Всю церемонию меня мучал вопрос: а где же Брам? Если Элиана, сына герцога, пригласили, то и его должны были. Но на похороны он так и не явился. Может, заболел?
Но это не моё дело. Не моя проблема. Даже и к лучшему, что Брам не пришёл — не увидел, что я всё-таки надела кольцо с сапфировой бабочкой, которое он мне подарил.
Когда Брам набросился на Леона, я хотела выкинуть кольцо в окно, но рука не поднялась — оно такое красивое! И к платью подошло идеально. Сначала мне показалось, что оно будет великовато, но стоило надеть на указательный палец, и украшение село ровно по размеру, словно именно для меня и создавалось.
— Безвременная потеря, обрушившаяся на нас… — продолжал бубнить Урлах-Тор, а потом… потом начался балаган.

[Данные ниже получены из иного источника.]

(* Consider the system $$\frac{df}{dt}= r\alpha f m(1-f-m)-(1+h)f,\qquad \frac{dm}{dt}=(1-r)\alpha f m(1-f-m)+(s-1)m,$$ with $0<r<1$, $\alpha>0$, $h\ge 0$, $0\le s<1$, and let $\mu=\frac{(1-r)(1+h)}{r(1-s)}$. Let $E_i^*=(f_i^*,\mu f_i^* )$ be an interior equilibrium, where $f_i^*$ is a positive root of $rα\mu f(1-(1+\mu)f)=1+h$. If $$\frac{r(1-s)}{2\{1+h-r(h+s)\}}<f^*_i<\frac{r(1-s)}{1+h-r(h+s)},$$ then $E_i^*$ is locally asymptotically stable.
   Context: Nondimensionalized FHMS (female harvesting, male stocking) model without Allee effect; $f,m$ are scaled female and male densities, $r$ the primary sex ratio, $h$ the scaled harvesting rate, $s$ the scaled stocking rate. Interior equilibria are those with $f>0,m>0$; they satisfy $m=\mu f$. *)

From Stdlib Require Import Reals.
From Coquelicot Require Import Coquelicot.
Open Scope R_scope.

Definition Ff (r alpha h s f m : R) : R :=
  r * alpha * f * m * (1 - f - m) - (1 + h) * f.
Definition Fm (r alpha h s f m : R) : R :=
  (1 - r) * alpha * f * m * (1 - f - m) + (s - 1) * m.

Definition mu (r h s : R) : R := ((1 - r) * (1 + h)) / (r * (1 - s)).

Definition dist2 (f m f0 m0 : R) : R := sqrt ((f - f0)^2 + (m - m0)^2).

Definition is_solution_on (r alpha h s : R) (T : Rbar) (f m : R -> R) : Prop :=
  (forall t, 0 < t -> Rbar_lt t T ->
     is_derive f t (Ff r alpha h s (f t) (m t)) /\
     is_derive m t (Fm r alpha h s (f t) (m t))) /\
  filterlim f (at_right 0) (locally (f 0)) /\
  filterlim m (at_right 0) (locally (m 0)).

Definition locally_asymptotically_stable (r alpha h s fe me : R) : Prop :=
  (forall eps, 0 < eps -> exists delta, 0 < delta /\
     forall (T : Rbar) (f m : R -> R), Rbar_lt 0 T ->
       is_solution_on r alpha h s T f m ->
       dist2 (f 0) (m 0) fe me < delta ->
       forall t, 0 <= t -> Rbar_lt t T -> dist2 (f t) (m t) fe me < eps) /\
  (exists eta, 0 < eta /\
     forall f m : R -> R, is_solution_on r alpha h s p_infty f m ->
       dist2 (f 0) (m 0) fe me < eta ->
       is_lim f p_infty fe /\ is_lim m p_infty me).

From Stdlib Require Import Reals Lra Psatz Classical.
From Coquelicot Require Import Coquelicot.
Open Scope R_scope.

(* 1. One-dimensional comparison facts: a function with nonpositive derivative
      does not increase; by continuous induction a sublevel set {V < K} on
      which V' <= 0 is forward invariant; hence V' <= -k V inside {V < K}
      yields the decay V(t)(1 + k t) <= V(0).
   2. Lyapunov's method for the system: a function V comparable to the squared
      distance to an equilibrium and with orbital derivative <= -c |z|^2 on
      {V < K} gives stability and attractivity.
   3. For a 2 x 2 matrix J with tr J < 0 < det J, the quadratic form
      V(z) = det J |z|^2 + |adj J z|^2 has derivative 2 tr J det J |z|^2 along
      z' = J z, and this survives perturbations of quadratic size near 0.
   4. The FHMS field is its linearization plus a quadratic remainder, so every
      equilibrium with tr J < 0 < det J is locally asymptotically stable.
   5. At the interior equilibrium tr J < 0 always, and det J > 0 is exactly
      the lower bound 2 (1 + mu) fs > 1 assumed in the theorem. *)

Lemma continuous_induction (Q : R -> Prop) (t1 : R) :
  0 <= t1 ->
  (forall x, 0 <= x <= t1 -> (forall u, 0 <= u < x -> Q u) ->
     exists d, 0 < d /\ forall u, x <= u < x + d -> Q u) ->
  forall t, 0 <= t <= t1 -> Q t.
Proof.
  intros Ht1 Hstep.
  set (E := fun t => 0 <= t <= t1 /\ forall u, 0 <= u < t -> Q u).
  assert (E0 : E 0) by (split; [lra | intros u Hu; lra]).
  destruct (completeness E) as [sg [Hub Hlub]].
  { exists t1; intros x Hx; apply Hx. }
  { exists 0; exact E0. }
  assert (Hsg : 0 <= sg <= t1) by (split; [apply Hub, E0 | apply Hlub; intros x Hx; apply Hx]).
  assert (Hbelow : forall u, 0 <= u < sg -> Q u).
  { intros u Hu. destruct (classic (Q u)) as [HQ | HnQ]; [exact HQ |].
    enough (sg <= u) by lra.
    apply Hlub; intros x [_ Hx].
    destruct (Rle_lt_dec x u) as [Hxu | Hux]; [exact Hxu |].
    exfalso; apply HnQ, Hx; lra. }
  destruct (Hstep sg Hsg Hbelow) as [d [Hd Hright]].
  assert (Hend : sg = t1).
  { destruct (Rle_lt_dec t1 sg) as [Hge | Hlt]; [lra | exfalso].
    set (t' := Rmin (sg + d / 2) t1).
    assert (sg < t') by (apply Rmin_glb_lt; lra).
    assert (t' <= t1) by apply Rmin_r.
    assert (t' <= sg + d / 2) by apply Rmin_l.
    assert (Et' : E t').
    { split; [lra |].
      intros u Hu. destruct (Rlt_le_dec u sg); [apply Hbelow | apply Hright]; lra. }
    pose proof (Hub t' Et'); lra. }
  intros t Ht. destruct (Rlt_le_dec t sg); [apply Hbelow | apply Hright]; lra.
Qed.

Lemma lt_persists_right (W : R -> R) (x K : R) :
  filterlim W (at_right x) (locally (W x)) -> W x < K ->
  exists d, 0 < d /\ forall u, x <= u < x + d -> W u < K.
Proof.
  intros Hlim HK.
  assert (Hgap : 0 < K - W x) by lra.
  destruct (proj1 (filterlim_locally W (W x)) Hlim (mkposreal _ Hgap)) as [d Hd].
  exists d; split; [apply cond_pos |].
  intros u Hu. destruct (Req_dec u x) as [-> | Hne]; [exact HK |].
  assert (Hball : ball x d u).
  { change (Rabs (u - x) < d). rewrite Rabs_pos_eq; lra. }
  pose proof (Hd u Hball ltac:(lra)) as Hu'.
  change (Rabs (W u - W x) < K - W x) in Hu'. apply Rabs_def2 in Hu'. lra.
Qed.

Lemma derive_continuous_right (W : R -> R) (x l : R) :
  is_derive W x l -> filterlim W (at_right x) (locally (W x)).
Proof.
  intros Hd. apply (filterlim_filter_le_1 _ (filter_le_within (F := locally x) _)).
  apply (ex_derive_continuous (K := R_AbsRing) (V := R_NormedModule)).
  exists l; exact Hd.
Qed.

Lemma derive_continuous_left (W : R -> R) (x l : R) :
  is_derive W x l -> filterlim W (at_left x) (locally (W x)).
Proof.
  intros Hd. apply (filterlim_filter_le_1 _ (filter_le_within (F := locally x) _)).
  apply (ex_derive_continuous (K := R_AbsRing) (V := R_NormedModule)).
  exists l; exact Hd.
Qed.

Definition rcont0 (g : R -> R) : Prop := filterlim g (at_right 0) (locally (g 0)).

Lemma rcont0_const (c : R) : rcont0 (fun _ => c).
Proof. apply filterlim_const. Qed.

Lemma rcont0_id : rcont0 (fun t => t).
Proof. intros P [eps HP]. exists eps. intros y Hy _. apply HP, Hy. Qed.

Lemma rcont0_plus (g1 g2 : R -> R) :
  rcont0 g1 -> rcont0 g2 -> rcont0 (fun t => g1 t + g2 t).
Proof.
  intros H1 H2.
  exact (filterlim_comp_2 g1 g2 Rplus H1 H2
           (@filterlim_plus R_AbsRing R_NormedModule (g1 0) (g2 0))).
Qed.

Lemma rcont0_mult (g1 g2 : R -> R) :
  rcont0 g1 -> rcont0 g2 -> rcont0 (fun t => g1 t * g2 t).
Proof.
  intros H1 H2.
  exact (filterlim_comp_2 g1 g2 Rmult H1 H2 (@filterlim_mult R_AbsRing (g1 0) (g2 0))).
Qed.

Lemma rcont0_shift (g : R -> R) (c : R) : rcont0 g -> rcont0 (fun t => g t - c).
Proof. intros Hg. exact (rcont0_plus g (fun _ => - c) Hg (rcont0_const _)). Qed.

Lemma is_derive_shift (g : R -> R) (t c l : R) :
  is_derive g t l -> is_derive (fun t => g t - c) t l.
Proof.
  intros Hg. replace l with (l - 0) by ring.
  exact (is_derive_minus g (fun _ => c) t l 0 Hg (is_derive_const c t)).
Qed.

Lemma nonincreasing_of_deriv_nonpos (W D : R -> R) (T : Rbar) :
  (forall t, 0 < t -> Rbar_lt t T -> is_derive W t (D t)) ->
  (forall t, 0 < t -> Rbar_lt t T -> D t <= 0) ->
  rcont0 W ->
  forall t, 0 <= t -> Rbar_lt t T -> W t <= W 0.
Proof.
  intros Hder Hneg Hrc t Ht HtT.
  destruct (Rle_lt_dec t 0) as [Ht0 | Htpos]; [replace t with 0 by lra; lra |].
  assert (HinT : forall x, x <= t -> Rbar_lt x T).
  { intros x Hx. apply Rbar_le_lt_trans with t; [simpl; lra | exact HtT]. }
  assert (Hmvt : forall a, 0 < a < t -> W t <= W a).
  { intros a Ha.
    destruct (MVT_gen W a t D) as [c [Hc Hdiff]];
      rewrite ?Rmin_left, ?Rmax_right in * by lra.
    - intros x Hx. apply Hder; [lra | apply HinT; lra].
    - intros x Hx. apply continuity_pt_filterlim.
      apply (ex_derive_continuous (K := R_AbsRing) (V := R_NormedModule)).
      exists (D x). apply Hder; [lra | apply HinT; lra].
    - assert (D c <= 0) by (apply Hneg; [lra | apply HinT; lra]).
      assert (D c * (t - a) <= 0) by (apply Rmult_le_0_r; lra).
      lra. }
  apply (closed_filterlim_loc W (fun y => W t <= y) (W 0) Hrc); [| apply closed_ge].
  exists (mkposreal t Htpos). intros a Ha Hapos.
  change (Rabs (a - 0) < t) in Ha. rewrite Rminus_0_r, Rabs_pos_eq in Ha by lra.
  apply Hmvt; lra.
Qed.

Рядом с гробом пробежала чёрная кошка, и какой-то умник пустил в воздух разноцветные мыльные пузыри. Студентка-иномирянка почему-то оказалась голой… Бесстыдство!
Я махнула на всё это рукой и ушла. Вряд ли кто-то заметил моё отсутствие. У меня были дела поважнее, чем изображать траур там, где это никому не нужно. Я прогулялась до Ионеля и заглянула на местный почтамт — прелестное здание со старинной башенкой, где семейная пара магов-бытовиков держит почтовых гарпий. Отправила отцу письмо с просьбой связать меня с каким-нибудь лингвистом, который поможет перевести древнедраконий текст до конца.
О том, что мы с Брамом расстались, решила отцу пока не говорить. Сообщу неприятную весть, когда окончательно уверюсь, что истинность была ложью.
После почтамта я бродила по городу целый день — гуляла по набережной, кормила чаек. Затем прошлась по главной торговой улице, чтобы поглазеть на платья, которые никогда не смогу купить. А вечером наведалась в чайную «Амарантус» и потратила приличную сумму на коробку пирожных «Звездопад». Непростительное транжирство, но дни выдались настолько ужасными, что мне необходимо как-то себя порадовать.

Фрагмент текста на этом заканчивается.